If I've tried to use class_weight ='auto'. In this case, model showed 'predictable' output:
Epoch 1/50 107s - loss: 0.9036 - acc: 0.7381
Epoch 2/50 104s - loss: 0.9333 - acc: 0.7321
Epoch 3/50 105s - loss: 0.8865 - acc: 0.7351
Epoch 4/50 106s - loss: 0.8978 - acc: 0.7351
Epoch 5/50 105s - loss: 0.9158 - acc: 0.7302
But, it still doesn't work:
severe_DR=plt.imread('data/~huge_data/preprocessed_imgs/3_Severe/99_left.jpeg')
mild_DR=plt.imread('data/~huge_data/preprocessed_imgs/1_Mild/15_left.jpeg')
moderate_DR=plt.imread('data/~huge_data/preprocessed_imgs/2_Moderate/78_right.jpeg')
model.predict(mild_DR.reshape((1,)+x[1].shape))
array([[ 1., 0., 0., 0., 0.]], dtype=float32)
model.predict(severe_DR.reshape((1,)+x[1].shape))
array([[ 1., 0., 0., 0., 0.]], dtype=float32)
model.predict(moderate_DR.reshape((1,)+x[1].shape))

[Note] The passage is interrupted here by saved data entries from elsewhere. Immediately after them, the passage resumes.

Lemma clamp_inside y : 0 < clamp y < U 2.
Proof.
  pose proof (clamp_range y). pose proof one_lt_U2.
  assert (0 < Rmin e 1) by (apply Rmin_glb_lt; lra). lra.
Qed.

Lemma Uinv_clamped_spec y : 0 <= Uinv_clamped y /\ U (Uinv_clamped y) = clamp y.
Proof.
  pose proof (clamp_inside y) as Hin.
  unfold Uinv_clamped. destruct (Uinv_spec (clamp y)) as [Hr Hu]; [split; lra|].
  split; [lra|exact Hu].
Qed.

Lemma Uinv_clamped_cont : continuity Uinv_clamped.
Proof.
  intros x. apply (continuity_pt_comp clamp Uinv).
  - apply lipschitz_continuous, clamp_lipschitz.
  - apply Uinv_cont, clamp_inside.
Qed.

Lemma Uinv_clamped_mono a b : a <= b -> Uinv_clamped a <= Uinv_clamped b.
Proof.
  intros Hab. destruct (Uinv_clamped_spec a) as [Ha Hua].
  destruct (Uinv_clamped_spec b) as [Hb Hub]. pose proof (clamp_mono a b Hab).
  destruct (Rle_or_lt (Uinv_clamped a) (Uinv_clamped b)) as [|Hn]; [assumption|].
  assert (U (Uinv_clamped b) < U (Uinv_clamped a)) by (apply U_strict; lra). lra.
Qed.

Lemma Uinv_clamped_top y : 1 <= y -> Uinv_clamped y = 1.
Proof.
  intros Hy. unfold Uinv_clamped. rewrite clamp_top, <- U_1 at 1 by exact Hy.
  apply Uinv_U; lra.
Qed.

Definition clamped_step (sigma x : R) : R := Uinv_clamped (Uext x + e) + sigma.
Definition clamped_orbit (sigma : R) (m : nat) : R := Nat.iter m (clamped_step sigma) sigma.

Lemma clamped_orbit_cont m : continuity (fun sigma => clamped_orbit sigma m).
Proof.
  induction m as [|m IH].
  - exact (derivable_continuous id derivable_id).
  - change (continuity (fun s => Uinv_clamped (Uext (clamped_orbit s m) + e) + s)).
    apply (continuity_plus (fun s => Uinv_clamped (Uext (clamped_orbit s m) + e)) id);
      [|exact (derivable_continuous id derivable_id)].
    apply (continuity_comp (fun s => Uext (clamped_orbit s m) + e) Uinv_clamped);
      [|apply Uinv_clamped_cont].
    apply (continuity_plus (fun s => Uext (clamped_orbit s m)) (fun _ => e));
      [|apply continuity_const; intros ? ?; reflexivity].
    apply (continuity_comp (fun s => clamped_orbit s m) Uext); assumption.
Qed.

Lemma clamped_orbit_ge sigma m : 0 <= sigma -> sigma <= clamped_orbit sigma m.
Proof.
  intros Hs. destruct m as [|m]; simpl; [lra|]. unfold clamped_step at 1.
  match goal with |- context [Uinv_clamped ?y] => destruct (Uinv_clamped_spec y) end. lra.
Qed.

Lemma clamped_orbit_nonneg sigma m : 0 <= sigma -> 0 <= clamped_orbit sigma m.
Proof. intros Hs. pose proof (clamped_orbit_ge sigma m Hs). lra. Qed.

(* The orbit is nondecreasing in m: true for the first step, and propagated
   because the clamped step map is monotone. *)
Lemma clamped_orbit_succ sigma m : 0 <= sigma ->
  clamped_orbit sigma m <= clamped_orbit sigma (S m).
Proof.
  intros Hs. induction m as [|m IH].
  - simpl. unfold clamped_step. destruct (Uinv_clamped_spec (Uext sigma + e)). lra.
  - change (clamped_step sigma (clamped_orbit sigma m) <=
            clamped_step sigma (clamped_orbit sigma (S m))).
    unfold clamped_step. apply Rplus_le_compat_r, Uinv_clamped_mono,
      Rplus_le_compat_r, Uext_mono, IH.
Qed.

Lemma clamped_orbit_incr sigma m m' : 0 <= sigma -> (m <= m')%nat ->
  clamped_orbit sigma m <= clamped_orbit sigma m'.
Proof.
  intros Hs Hmm'. induction Hmm' as [|m' _ IH]; [lra|].
  apply Rle_trans with (1 := IH), clamped_orbit_succ, Hs.
Qed.

Lemma clamped_orbit_zero m : INR m * e <= 1 -> U (clamped_orbit 0 m) = INR m * e.
Proof.
  induction m as [|m IH]; intros Hm.
  - simpl. rewrite U_0. ring.
  - rewrite S_INR in Hm. assert (0 <= INR m) by apply pos_INR.
    change (U (clamped_step 0 (clamped_orbit 0 m)) = INR (S m) * e).
    unfold clamped_step. rewrite Uext_eq by (apply clamped_orbit_nonneg; lra).
    rewrite IH by nra. rewrite Rplus_0_r, S_INR.
    destruct (Uinv_clamped_spec (INR m * e + e)) as [_ ->].
    rewrite clamp_id by nra. ring.
Qed.

(* Intermediate value theorem on [0, 1]. *)
Lemma clamped_period_exists n : INR n * e < 1 ->
  exists sigma, 0 < sigma /\ clamped_orbit sigma n = 1.
Proof.
  intros Hn.
  assert (Hlow : clamped_orbit 0 n < 1).
  { destruct (Rlt_or_le (clamped_orbit 0 n) 1) as [|Hc]; [assumption|].
    pose proof (U_mono 1 (clamped_orbit 0 n) ltac:(lra) ltac:(lra)).
    rewrite clamped_orbit_zero in * by lra. lra. }
  assert (Hhigh : 1 <= clamped_orbit 1 n) by (apply clamped_orbit_ge; lra).
  destruct (IVT_cor (fun s => clamped_orbit s n - 1) 0 1) as [s [Hs Hzero]].
  - apply (continuity_minus (fun s => clamped_orbit s n) (fun _ => 1));
      [apply clamped_orbit_cont|apply continuity_const; intros ? ?; reflexivity].
  - lra.
  - cbn beta. nra.
  - exists s. cbn beta in Hzero. split; [|lra].
    destruct Hs as [[Hs|<-] _]; [exact Hs|lra].
Qed.

(* Along an orbit reaching 1 at step n, the clamping is never active before
   step n, so the clamped orbit is the true orbit and it is a splay period. *)
Lemma clamped_period_is_splay_period sigma n :
  0 < sigma -> clamped_orbit sigma n = 1 -> splay_period U Uinv e n sigma.
Proof.
  intros Hs Hn.
  assert (Hsub : forall m, (m < n)%nat -> U (clamped_orbit sigma m) + e < 1).
  { intros m Hm. destruct (Rlt_or_le (U (clamped_orbit sigma m) + e) 1) as [|Hc]; [assumption|].
    pose proof (clamped_orbit_incr sigma (S m) n ltac:(lra) Hm) as Hnext.
    change (clamped_step sigma (clamped_orbit sigma m) <= clamped_orbit sigma n) in Hnext.
    unfold clamped_step in Hnext.
    rewrite Uext_eq, Uinv_clamped_top in Hnext by (try apply clamped_orbit_nonneg; lra).
    lra. }
  assert (Hbelow : forall m, (m < n)%nat -> clamped_orbit sigma m < 1).
  { intros m Hm. destruct (Rlt_or_le (clamped_orbit sigma m) 1) as [|Hc]; [assumption|].
    pose proof (U_mono 1 (clamped_orbit sigma m) ltac:(lra) ltac:(lra)).
    pose proof (Hsub m Hm). lra. }
  assert (Hagree : forall m, (m <= n)%nat -> splay_orbit U Uinv e sigma m = clamped_orbit sigma m).
  { induction m as [|m IH]; intros Hm.
    - unfold splay_orbit, Smap. simpl. ring.
    - change (Hmap U Uinv e (splay_orbit U Uinv e sigma m) + sigma =
              Uinv_clamped (Uext (clamped_orbit sigma m) + e) + sigma).
      rewrite IH by lia. unfold Hmap, Uinv_clamped.
      rewrite Uext_eq by (apply clamped_orbit_nonneg; lra).
      rewrite clamp_id; [reflexivity|].
      pose proof (Hsub m ltac:(lia)). pose proof (U_mono 0 (clamped_orbit sigma m)).
      pose proof (clamped_orbit_ge sigma m). lra. }
  split; [rewrite Hagree by lia; exact Hn|].
  intros m Hm. rewrite Hagree by lia. split; [apply Hbelow|apply Hsub]; exact Hm.
Qed.

Lemma splay_period_exists n : INR n * e < 1 ->
  exists sigma, 0 < sigma /\ splay_period U Uinv e n sigma.
Proof.
  intros Hn. destruct (clamped_period_exists n Hn) as [s [Hs Hper]].
  exists s. split; [exact Hs|]. apply clamped_period_is_splay_period; assumption.
Qed.

End ClampedOrbit.

Theorem mainTheorem2 (N : nat) (U Uinv Rst : R -> R) (e : R) :
  (1 <= N)%nat ->
  rise_function U -> rise_inverse U Uinv -> partial_reset Rst ->
  0 < e -> INR (N - 1) * e < 1 ->
  exists sigma : R, 0 < sigma /\
    Nat.iter (N - 1) (fun x => Smap sigma (Hmap U Uinv e x)) (Smap sigma 0) = 1 /\
    exists (psi : nat -> nat -> R) (f : nat -> nat),
      psi 0%nat 0%nat = 1 /\
      f 0%nat = 0%nat /\
      (forall k, (k < N)%nat ->
         (f k < N)%nat /\
         (forall i, avalanche N (hom_coupling e) U (psi k) i = Nat.eqb i (f k)) /\
         next_event N (hom_coupling e) U Uinv Rst (psi k) sigma (psi (S k))) /\
      (forall k l, (k < N)%nat -> (l < N)%nat -> f k = f l -> k = l) /\
      (forall i, (i < N)%nat -> psi N i = psi 0%nat i).
Proof.
  intros HN HU HUinv [_ HR0] He HNe.
  pose proof (rise_strict U HU) as Hstrict.
  pose proof (rise_continuous U HU) as Hcont.
  destruct HU as [_ [_ [_ [_ [_ [_ [HU0 HU1]]]]]]].
  assert (HUinv0 : Uinv 0 = 0) by (rewrite <- HU0 at 1; apply HUinv; lra).
  destruct (splay_period_exists U Uinv e Hstrict Hcont HU0 HU1 HUinv He (N - 1) HNe)
    as [sigma [Hsigma Hperiod]].
  exists sigma. split; [exact Hsigma|]. split; [exact (proj1 Hperiod)|].
  apply splay_events; assumption.
Qed.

array([[ 1., 0., 0., 0., 0.]], dtype=float32)
What I've done wrong?
After answer of Sergii Gryshkevych, I fixed my model: I've changed class_weight to {0:1, 1:10.57, 2:4.88, 3:29, 4:35} (I divided images in each classes to maximum images (in first class)). Next, I changed metrics to categorical_accuracy. And I inctreased the number of layers in model (like here). So, the output after 5 epochs is:
Epoch 1/5
500/500 [==============================] - 52s - loss: 5.6944 - categorical_accuracy: 0.1840
Epoch 2/5
500/500 [==============================] - 52s - loss: 6.7357 - categorical_accuracy: 0.2040
Epoch 3/5
500/500 [==============================] - 52s - loss: 6.7373 - categorical_accuracy: 0.0800
Epoch 4/5
500/500 [==============================] - 52s - loss: 6.0311 - categorical_accuracy: 0.0180
Epoch 5/5
500/500 [==============================] - 51s - loss: 4.9924 - categorical_accuracy: 0.0560
Is it correct?
Is there any way to make assign a quadratic weighted kappa as metrics in keras?